La fiction n’est pas en revanche un livre sur les années 1990 comme ceux qu’on qualifie de « littérature d’urgence » qui, à cette époque, miroitait avec réalisme parfait les sanglants événements pour en témoigner. Vingt stations explore un nouvel angle, posant un regard actuel sur le passé pour mieux peindre le présent; c’est comme pour répondre à cette question » quelles sont les séquelles de la décennie noire sur notre présent? « . « Une religiosité menaçante s’emparait de la société et surlignait encore plus fort les frontières sociales » (p98).
Le roman peint aussi une belle histoire d’amour. Le personnage–narrateur devient l’amant de sa belle-mère Nedjma. C’est sa première vengeance contre ce père qu’il n’aimait pas. Après la mort de ce dernier, Nedjma devient son épouse et tombe enceinte de lui. Avant son accouchement, les terroristes l’assassinent. « Nedjma m’obsédait comme seul un amour d’adolescence peut vous accaparer entièrement » (p67)
La ville qui constitue le lieu principal du roman est Oran, ville natale de l’auteur. Ahmed Tiab rend ainsi hommage à sa ville de naissance qui est aussi la source d’inspiration pour ses romans. Et derrière Oran, c’est toute l’Algérie qui est dite. « La ville se fragmente et perd ce qui fait d’elle une cité. Elle n’est plus qu’un chapelet de quartiers sans âme et sans passé » (p48)

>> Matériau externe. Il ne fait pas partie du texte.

(* Suppose $|\mathit{Obs}|>1$ and $m\ge2$, and assume also $|\mathit{Obs}|\le m$ so that the class $\mathcal C$ below is nonempty. Let $\mathcal C$ be the class of $m$-agent models in which every observation $o\in\mathit{Obs}$ is the initial observation $\vec o_{\iota,a}$ of at least one agent $a$. Then there is a CTL*KΔ$_m$ formula $\varphi$ such that no CTL*K$_m$ formula $\varphi'$ satisfies: for every $M\in\mathcal C$, $M\models\varphi$ iff $M\models\varphi'$.
   Context: Fix a countably infinite set $\mathit{AP}$ of atomic propositions, a finite nonempty set $\mathit{Obs}$ of observations, and a finite set of agents $\mathit{Ag}=\{a_1,\dots,a_m\}$. For a word $w$ we write $w_i$ for its letter at position $i$ (positions start at $0$), $w_{\le i}$ for its prefix ending at position $i$, $|w|$ for its length (finite words) and $\mathit{last}(w)$ for its last letter; $w\preceq w'$ means $w$ is a prefix of $w'$. Syntax of CTL*KΔ$_m$: history formulas $\varphi::=p\mid\neg\varphi\mid\varphi\wedge\varphi\mid\mathbf A\psi\mid\mathbf K_a\varphi\mid\Delta^{o}_a\varphi$ and path formulas $\psi::=\varphi\mid\neg\psi\mid\psi\wedge\psi\mid\mathbf X\psi\mid\psi\,\mathbf U\,\psi$, with $p\in\mathit{AP}$, $a\in\mathit{Ag}$, $o\in\mathit{Obs}$; formulas are history formulas. CTL*K$_m$ is the fragment of formulas containing no operator $\Delta^o_a$. A multiagent model is $M=(\mathit{AP}_f,S,T,V,\{\sim_o\}_{o\in\mathit{Obs}},s_\iota,\vec o_\iota)$ where $\mathit{AP}_f\subseteq\mathit{AP}$ is finite, $S$ is a finite set of states, $T\subseteq S\times S$ is left-total, $V:S\to2^{\mathit{AP}_f}$, each $\sim_o$ is an equivalence relation on $S$, $s_\iota\in S$, and $\vec o_\iota=(\vec o_{\iota,a})_{a\in\mathit{Ag}}\in\mathit{Obs}^{\mathit{Ag}}$ gives each agent an initial observation. Paths are infinite sequences of states $s_0s_1\dots$ with $s_iTs_{i+1}$ (starting anywhere); histories are finite nonempty prefixes of paths. An observation record is a finite word over $\mathit{Obs}\times\mathbb N$; $r_{=n}$ is the subword of $r$ consisting of the pairs with second component $n$. A record tuple is $\vec r=(\vec r_a)_{a\in\mathit{Ag}}$; $\vec r\cdot(o,n)_a$ is $\vec r$ with $\vec r_a$ replaced by $\vec r_a\cdot(o,n)$; $\vec\epsilon$ is the tuple of empty records. For agent $a$: $\mathit{ol}_a(\vec r,0)=\vec o_{\iota,a}\cdot o_1\cdots o_k$ if $(\vec r_a)_{=0}=(o_1,0)\cdots(o_k,0)$, and $\mathit{ol}_a(\vec r,n+1)=\mathit{last}(\mathit{ol}_a(\vec r,n))\cdot o_1\cdots o_k$ if $(\vec r_a)_{=n+1}=(o_1,n+1)\cdots(o_k,n+1)$. $h\approx^{\vec r}_a h'$ iff $|h|=|h'|$ and for all $i<|h|$ and all $o$ in $\mathit{ol}_a(\vec r,i)$, $h_i\sim_o h'_i$. Natural semantics: $h,\vec r\models p$ iff $p\in V(\mathit{last}(h))$; negation and conjunction as usual; $h,\vec r\models\mathbf A\psi$ iff for all paths $\pi$ with $h\preceq\pi$, $\pi,|h|-1,\vec r\models\psi$; $h,\vec r\models\mathbf K_a\varphi$ iff $h',\vec r\models\varphi$ for all histories $h'\approx^{\vec r}_a h$; $h,\vec r\models\Delta^o_a\varphi$ iff $h,\vec r\cdot(o,|h|-1)_a\models\varphi$; $\pi,n,\vec r\models\varphi$ iff $\pi_{\le n},\vec r\models\varphi$; negation and conjunction as usual; $\pi,n,\vec r\models\mathbf X\psi$ iff $\pi,n+1,\vec r\models\psi$; $\pi,n,\vec r\models\psi_1\mathbf U\psi_2$ iff there is $m'\ge n$ with $\pi,m',\vec r\models\psi_2$ and $\pi,j,\vec r\models\psi_1$ for all $n\le j<m'$. $M\models\varphi$ iff $s_\iota,\vec\epsilon\models\varphi$ ($s_\iota$ viewed as a one-state history). *)

From HB Require Import structures.
From mathcomp Require Import all_boot.
Unset Printing Implicit Defensive.

Section Syntax.
Variables (Obs : finType) (m : nat).

Inductive hform : Type :=
| HAtom  : nat -> hform
| HNeg   : hform -> hform
| HAnd   : hform -> hform -> hform
| HA     : pform -> hform
| HK     : 'I_m -> hform -> hform
| HDelta : 'I_m -> Obs -> hform -> hform
with pform : Type :=
| PHist  : hform -> pform
| PNeg   : pform -> pform
| PAnd   : pform -> pform -> pform
| PX     : pform -> pform
| PU     : pform -> pform -> pform.

Fixpoint hdelta_free (f : hform) : bool :=
  match f with
  | HAtom _ => true
  | HNeg f1 => hdelta_free f1
  | HAnd f1 f2 => hdelta_free f1 && hdelta_free f2
  | HA p => pdelta_free p
  | HK _ f1 => hdelta_free f1
  | HDelta _ _ _ => false
  end
with pdelta_free (p : pform) : bool :=
  match p with
  | PHist f => hdelta_free f
  | PNeg p1 => pdelta_free p1
  | PAnd p1 p2 => pdelta_free p1 && pdelta_free p2
  | PX p1 => pdelta_free p1
  | PU p1 p2 => pdelta_free p1 && pdelta_free p2
  end.

End Syntax.
Arguments HAtom {Obs m}. Arguments HNeg {Obs m}. Arguments HAnd {Obs m}. Arguments HA {Obs m}. Arguments HK {Obs m}. Arguments HDelta {Obs m}.
Arguments PHist {Obs m}. Arguments PNeg {Obs m}. Arguments PAnd {Obs m}. Arguments PX {Obs m}. Arguments PU {Obs m}.
Arguments hdelta_free {Obs m}. Arguments pdelta_free {Obs m}.

Record model (Obs : finType) (m : nat) : Type := Model {
  st : finType;
  APf : seq nat;
  trans : rel st;
  val : st -> pred nat;
  sim : Obs -> rel st;
  s_init : st;
  o_init : 'I_m -> Obs;
  trans_total : forall s, exists s', trans s s';
  val_fin : forall s p, val s p -> p \in APf;
  sim_refl : forall o s, sim o s s;
  sim_sym : forall o s t, sim o s t -> sim o t s;
  sim_trans : forall o s t u, sim o s t -> sim o t u -> sim o s u
}.
Arguments st {Obs m}. Arguments APf {Obs m}. Arguments trans {Obs m}.
Arguments val {Obs m}. Arguments sim {Obs m}. Arguments s_init {Obs m}.
Arguments o_init {Obs m}.

Definition rtuple (Obs : finType) (m : nat) := 'I_m -> seq (Obs * nat).
Definition rt_empty (Obs : finType) (m : nat) : rtuple Obs m := fun _ => [::].
Arguments rt_empty {Obs m}.

Definition rt_add (Obs : finType) (m : nat) (r : rtuple Obs m) (a : 'I_m)
  (o : Obs) (n : nat) : rtuple Obs m :=
  fun b => if b == a then rcons (r b) (o, n) else r b.
Arguments rt_add {Obs m}.


Section Semantics.
Variables (Obs : finType) (m : nat) (M : model Obs m).
Local Notation S := (st M).

Definition obs_at (r : rtuple Obs m) (a : 'I_m) (n : nat) : seq Obs :=
  [seq x.1 | x <- r a & x.2 == n].

Fixpoint ol (r : rtuple Obs m) (a : 'I_m) (n : nat) : seq Obs :=
  match n with
  | 0 => o_init M a :: obs_at r a 0
  | n'.+1 => last (o_init M a) (ol r a n') :: obs_at r a n'.+1
  end.

Definition is_hist (h : seq S) : bool :=
  if h is x :: t then path (trans M) x t else false.

Definition is_path (pi : nat -> S) : Prop := forall i, trans M (pi i) (pi i.+1).

Definition hist_prefix (h : seq S) (pi : nat -> S) : Prop :=
  forall i, i < size h -> nth (s_init M) h i = pi i.

Definition approx (r : rtuple Obs m) (a : 'I_m) (h h' : seq S) : Prop :=
  size h = size h' /\
  forall i, i < size h -> forall o, o \in ol r a i ->
    sim M o (nth (s_init M) h i) (nth (s_init M) h' i).

Fixpoint hsat (h : seq S) (r : rtuple Obs m) (f : hform Obs m) {struct f} : Prop :=
  match f with
  | HAtom p => val M (last (s_init M) h) p
  | HNeg f1 => ~ hsat h r f1
  | HAnd f1 f2 => hsat h r f1 /\ hsat h r f2
  | HA p => forall pi, is_path pi -> hist_prefix h pi -> psat pi (size h).-1 r p
  | HK a f1 => forall h', is_hist h' -> approx r a h' h -> hsat h' r f1
  | HDelta a o f1 => hsat h (rt_add r a o (size h).-1) f1
  end
with psat (pi : nat -> S) (n : nat) (r : rtuple Obs m) (p : pform Obs m) {struct p} : Prop :=
  match p with
  | PHist f => hsat (mkseq pi n.+1) r f
  | PNeg p1 => ~ psat pi n r p1
  | PAnd p1 p2 => psat pi n r p1 /\ psat pi n r p2
  | PX p1 => psat pi n.+1 r p1
  | PU p1 p2 => exists k, n <= k /\ psat pi k r p2 /\
                  forall j, n <= j -> j < k -> psat pi j r p1
  end.

Definition msat (f : hform Obs m) : Prop := hsat [:: s_init M] rt_empty f.

End Semantics.
Arguments msat {Obs m}.

Definition in_classC (Obs : finType) (m : nat) (M : model Obs m) : Prop :=
  forall o : Obs, exists a : 'I_m, o_init M a = o.
Arguments in_classC {Obs m}.

(* With empty observation records an agent only ever uses its single initial
   observation.  Take two models with only self-loops: in the first the state is
   a pair of bits (x, y), the proposition 0 holds when y = false, one observation
   reveals x and another reveals x xor y; in the second the state is the bit y
   alone and nobody observes anything.  Projection to y is a bisimulation for
   single-observation knowledge, because no single observation gives away y, so
   Delta-free formulas cannot tell the models apart.  But an agent that starts
   with the first observation and is then granted the second one learns y, so
   [Delta^{o2}_a K_a 0] holds in the first model and fails in the second. *)

From Pilot Require Import Defs.
From mathcomp Require Import all_boot.

Set Implicit Arguments.
Unset Strict Implicit.
Unset Printing Implicit Defensive.

Scheme hform_mut := Induction for hform Sort Prop
  with pform_mut := Induction for pform Sort Prop.

Arguments hsat {Obs m}. Arguments psat {Obs m}. Arguments ol {Obs m}.
Arguments is_hist {Obs m}. Arguments is_path {Obs m}.

Lemma ol_rt_empty (Obs : finType) (m : nat) (M : model Obs m) a i :
  ol M rt_empty a i = [:: o_init M a].
Proof. by elim: i => //= i ->. Qed.

Lemma ol_rt_add_empty (Obs : finType) (m : nat) (M : model Obs m) a o :
  ol M (rt_add rt_empty a o 0) a 0 = [:: o_init M a; o].
Proof. by rewrite /= /obs_at /rt_add eqxx. Qed.

Lemma path_eq_nseq (T : eqType) (x : T) (s : seq T) :
  path eq_op x s = (s == nseq (size s) x).
Proof.
elim: s x => [|y s IHs] x //=; rewrite IHs eqseq_cons eq_sym.
by case: eqP => // ->.
Qed.

Section StaticModel.

Variables (Obs : finType) (m : nat) (M : model Obs m).
Hypothesis trans_eq : forall s t, trans M s t = (s == t).

Lemma static_path_const pi : is_path M pi -> forall i, pi i = pi 0.
Proof. by move=> pi_path; elim=> // i <-; apply/esym/eqP; rewrite -trans_eq. Qed.

Lemma static_histP h : is_hist M h -> exists c n, h = nseq n.+1 c.
Proof.
case: h => [|x s] //=; rewrite (eq_path trans_eq) path_eq_nseq => /eqP ->.
by exists x, (size s).
Qed.

Lemma static_hist_nseq c n : is_hist M (nseq n.+1 c).
Proof. by rewrite /= (eq_path trans_eq) path_eq_nseq size_nseq. Qed.

Lemma static_path_hist pi n : is_path M pi -> is_hist M (mkseq pi n.+1).
Proof.
move=> pi_path; have -> : mkseq pi n.+1 = nseq n.+1 (pi 0).
  apply: (@eq_from_nth _ (pi 0)); rewrite size_mkseq ?size_nseq // => i i_lt.
  by rewrite nth_mkseq // nth_nseq i_lt (static_path_const pi_path).
exact: static_hist_nseq.
Qed.

End StaticModel.

Section StaticBisimulation.

Variables (Obs : finType) (m : nat) (M N : model Obs m) (f : st M -> st N).
Hypotheses (transM_eq : forall s t, trans M s t = (s == t))
           (transN_eq : forall s t, trans N s t = (s == t)).
Hypothesis f_val : forall s, Defs.val N (f s) =1 Defs.val M s.
Hypothesis f_forth : forall a s t,
  sim M (o_init M a) s t -> sim N (o_init N a) (f s) (f t).
Hypothesis f_back : forall a s y,
  sim N (o_init N a) y (f s) -> exists2 s', f s' = y & sim M (o_init M a) s' s.

Definition hsat_preserved (phi : hform Obs m) : Prop :=
  forall h, is_hist M h -> (hsat M h rt_empty phi <-> hsat N (map f h) rt_empty phi).

Definition psat_preserved (p : pform Obs m) : Prop :=
  forall pi pi' n, is_path M pi -> (forall i, f (pi i) = pi' i) ->
  (psat M pi n rt_empty p <-> psat N pi' n rt_empty p).

Lemma hsat_preserved_A p : psat_preserved p -> hsat_preserved (HA p).
Proof.
move=> IH h h_hist /=; rewrite size_map.
have [c [n ->]] := static_histP transM_eq h_hist.
split=> [sat_h pi' pi'_path pi'_pre | sat_fh pi pi_path pi_pre].
- have pi'_c i : f c = pi' i.
    by rewrite (static_path_const transN_eq pi'_path) -pi'_pre ?map_nseq.
  have c_path : is_path M (fun=> c) by move=> i; rewrite /= transM_eq.
  apply/(IH _ _ _ c_path pi'_c); apply: sat_h => // i.
  by rewrite size_nseq nth_nseq => ->.
- apply/(IH pi (f \o pi)) => //; apply: sat_fh => [i|i].
    by move: (pi_path i); rewrite transM_eq transN_eq /= => /eqP ->.
  by rewrite size_map => i_lt; rewrite (nth_map (s_init M)) // pi_pre.
Qed.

Le roman est en outre engagé. Avec audace et ironie, le narrateur fustige l’hypocrisie, l’urbanisme sauvage, la montée de l’islamisme, l’inquisition, la Concorde Civile…Le tout offre une sombre fresque de l’Algérie. « Nos assassins sont encore de ce monde. Ils sont en liberté. Ils peuvent vivre tout près de nous… » (p159)
Le roman fait l’éloge du féminin. Ainsi, le narrateur condamne la misogynie et l’effacement. « La violence envers les femmes marque durement l’incapacité de l’homme à mesurer ses propres faiblesses » (p86)

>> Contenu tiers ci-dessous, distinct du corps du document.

(* A diagonal metric G has Christoffel symbols, hence curvature, expressed
   through the logarithmic derivatives [dlnH G j i] = d_j ln H_i of its Lamé
   coefficients.  For such metrics we show that R^i_{jkl} vanishes when {k,l}
   avoids {i,j}, that R^i_{ikl} vanishes (symmetry of second derivatives), that
   R^i_{jjl} is a multiple of R^j_{ijl}, and we derive the classical formula
   [Rik_diag] for R^{ik}_{ik}.  The reciprocal metric is conformal entrywise,
   ghat_ii = ((M - N v^i)/(BM - AN))^2 g_ii, so its coefficients [dlnH] differ
   from those of g by a logarithmic derivative that the conservation laws make
   explicit ([dlnH_ghat]).  The components R^i_{jil} of ghat vanish by the
   Darboux equations of the rotation coefficients (inherited from the flat
   metric of the DN system) and the Tsarev identities for conserved densities;
   with the general facts above this kills every component but R^{ik}_{ik}.
   Finally R^{ik}_{ik} of ghat is computed from [Rik_diag], the transformation
   law of the rotation coefficients ([recip_rest_sum]) and the curvature
   hypothesis on g, which eliminates w^i_(1). *)

From Stdlib Require Import Reals List Arith.
From Stdlib Require Import Lra Lia ClassicalEpsilon FunctionalExtensionality PropExtensionality.
Import ListNotations.
Open Scope R_scope.

(** Partial derivatives along coordinate lines *)

Lemma upd_same (u : pt) (i : nat) : upd u i (u i) = u.
Proof.
  apply functional_extensionality; intro j; unfold upd.
  destruct (Nat.eqb_spec j i); subst; auto.
Qed.

Lemma upd_eq (u : pt) (i : nat) (t : R) : upd u i t i = t.
Proof. unfold upd; rewrite Nat.eqb_refl; auto. Qed.

Lemma upd_neq (u : pt) (i : nat) (t : R) (j : nat) : j <> i -> upd u i t j = u j.
Proof. intro H; unfold upd; apply Nat.eqb_neq in H; rewrite H; auto. Qed.

Lemma pd_unique (i : nat) (f : fn) (u : pt) (l : R) :
  derivable_pt_lim (fun t => f (upd u i t)) (u i) l -> pd i f u = l.
Proof.
  intro H; unfold pd.
  assert (E : exists l, derivable_pt_lim (fun t => f (upd u i t)) (u i) l) by eauto.
  eapply uniqueness_limite; [apply (epsilon_spec (inhabits 0) _ E) | exact H].
Qed.

Lemma pd_correct (i : nat) (f : fn) (u : pt) :
  ex_pd i f u -> derivable_pt_lim (fun t => f (upd u i t)) (u i) (pd i f u).
Proof. intros [l H]; rewrite (pd_unique _ _ _ _ H); exact H. Qed.

Lemma derivable_pt_lim_local (f h : R -> R) (x l d : R) : d > 0 ->
  (forall t, Rabs (t - x) < d -> f t = h t) ->
  derivable_pt_lim f x l -> derivable_pt_lim h x l.
Proof.
  intros Hd Hfh H eps Heps; destruct (H eps Heps) as [del Hdel].
  assert (Hm : 0 < Rmin del d) by (apply Rmin_pos; [apply cond_pos | lra]).
  exists (mkposreal _ Hm); intros dx Hdx0 Hdx; simpl in Hdx.
  rewrite <- !Hfh.
  - apply Hdel; auto; apply Rlt_le_trans with (1 := Hdx); apply Rmin_l.
  - unfold Rminus; rewrite Rplus_opp_r, Rabs_R0; lra.
  - replace (x + dx - x) with dx by ring.
    apply Rlt_le_trans with (1 := Hdx); apply Rmin_r.
Qed.

Lemma near_upd (n : nat) (u : pt) (i : nat) (t d : R) : (i < n)%nat ->
  Rabs (t - u i) < d -> d > 0 -> near n u d (upd u i t).
Proof.
  intros Hi Ht Hd; split.
  - intros j Hj; destruct (Nat.eq_dec j i) as [->|Hji]; [rewrite upd_eq; auto|].
    rewrite upd_neq by auto; unfold Rminus; rewrite Rplus_opp_r, Rabs_R0; lra.
  - intros j Hj; apply upd_neq; lia.
Qed.

Lemma pd_local (n : nat) (D : pt -> Prop) (i : nat) (f h : fn) (u : pt) :
  open_dom n D -> D u -> (i < n)%nat ->
  (forall u', D u' -> f u' = h u') -> pd i f u = pd i h u.
Proof.
  intros HD Du Hi H; destruct (HD u Du) as [d [Hd Hnear]].
  unfold pd; f_equal; apply functional_extensionality; intro l.
  apply propositional_extensionality; split; apply derivable_pt_lim_local with d; auto;
    intros t Ht; [|symmetry]; apply H, Hnear, near_upd; auto.
Qed.

Lemma ex_pd_local (n : nat) (D : pt -> Prop) (f h : fn) (l : nat) (u : pt) :
  open_dom n D -> D u -> (l < n)%nat ->
  (forall u', D u' -> f u' = h u') -> ex_pd l h u -> ex_pd l f u.
Proof.
  intros HD Du Hl H [L HL]; exists L; destruct (HD u Du) as [d [Hd Hnear]].
  apply derivable_pt_lim_local with (fun t => h (upd u l t)) d; auto.
  intros t Ht; symmetry; apply H, Hnear, near_upd; auto.
Qed.

Lemma pd_ext (i : nat) (f h : fn) (u : pt) : (forall u', f u' = h u') -> pd i f u = pd i h u.
Proof. intro H; replace f with h; auto; apply functional_extensionality; auto. Qed.

Lemma pd_const (i : nat) (c : R) (u : pt) : pd i (fun _ => c) u = 0.
Proof. apply pd_unique, derivable_pt_lim_const. Qed.

(* Differentiation rules, stated so that [eapply] can infer the derivative. *)
Lemma dl_plus (f h : R -> R) (x lf lh : R) : derivable_pt_lim f x lf ->
  derivable_pt_lim h x lh -> derivable_pt_lim (fun t => f t + h t) x (lf + lh).
Proof. apply derivable_pt_lim_plus. Qed.

Lemma dl_minus (f h : R -> R) (x lf lh : R) : derivable_pt_lim f x lf ->
  derivable_pt_lim h x lh -> derivable_pt_lim (fun t => f t - h t) x (lf - lh).
Proof. apply derivable_pt_lim_minus. Qed.

Lemma dl_mult (f h : R -> R) (x lf lh : R) : derivable_pt_lim f x lf ->
  derivable_pt_lim h x lh -> derivable_pt_lim (fun t => f t * h t) x (lf * h x + f x * lh).
Proof. apply derivable_pt_lim_mult. Qed.

Lemma dl_opp (f : R -> R) (x lf : R) :
  derivable_pt_lim f x lf -> derivable_pt_lim (fun t => - f t) x (- lf).
Proof. apply derivable_pt_lim_opp. Qed.

Lemma dl_div (f h : R -> R) (x lf lh : R) : derivable_pt_lim f x lf ->
  derivable_pt_lim h x lh -> h x <> 0 ->
  derivable_pt_lim (fun t => f t / h t) x ((lf * h x - lh * f x) / (h x)²).
Proof. apply derivable_pt_lim_div. Qed.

Ahmed Tiab est un adepte du polar. En revanche, ce roman-là se détache largement de ce genre : la présence d’un crime n’est pas la motivation d’une enquête mais la clôture du récit. Le livre se rapproche du roman noir grâce à plusieurs éléments dont le décor sombre, le regard critique et pessimiste sur la société…
La structure du roman est attirante. C’est un va-et-vient permanent entre passé et présent. Parfois la frontière entre hier et aujourd’hui est presque invisible. Ce caractère est réussi notamment grâce à l’espace (le tramway) : chaque citoyen ou paysage ou élément extérieur entraine le personnage-narrateur dans un labyrinthe de souvenirs. Le choix du train n’est pas fortuit vu qu’il a une fonction de stimulus. Le roman devient ainsi une confrontation entre passé et présent de l’Algérie et un dialogue entre les générations.
Pour une lecture croisée, il est utile de lire Entendez-vous dans les montagnes (2002) de Maissa Bey; récit d’autofiction qui met en scène une dame dans un train en France, fuyant le pays enflammé par la décennie noire ; le décor et les gens lui rappellent son feu papa, son enfance, son Algérie…Il y a ainsi des éléments communs entre els deux livres.
Engagé et aiguisé, sensible et humain, Vingt stations est un poignant hommage aux victimes de la décennie noire. Un cri de colère contre le déni et l’obscurantisme!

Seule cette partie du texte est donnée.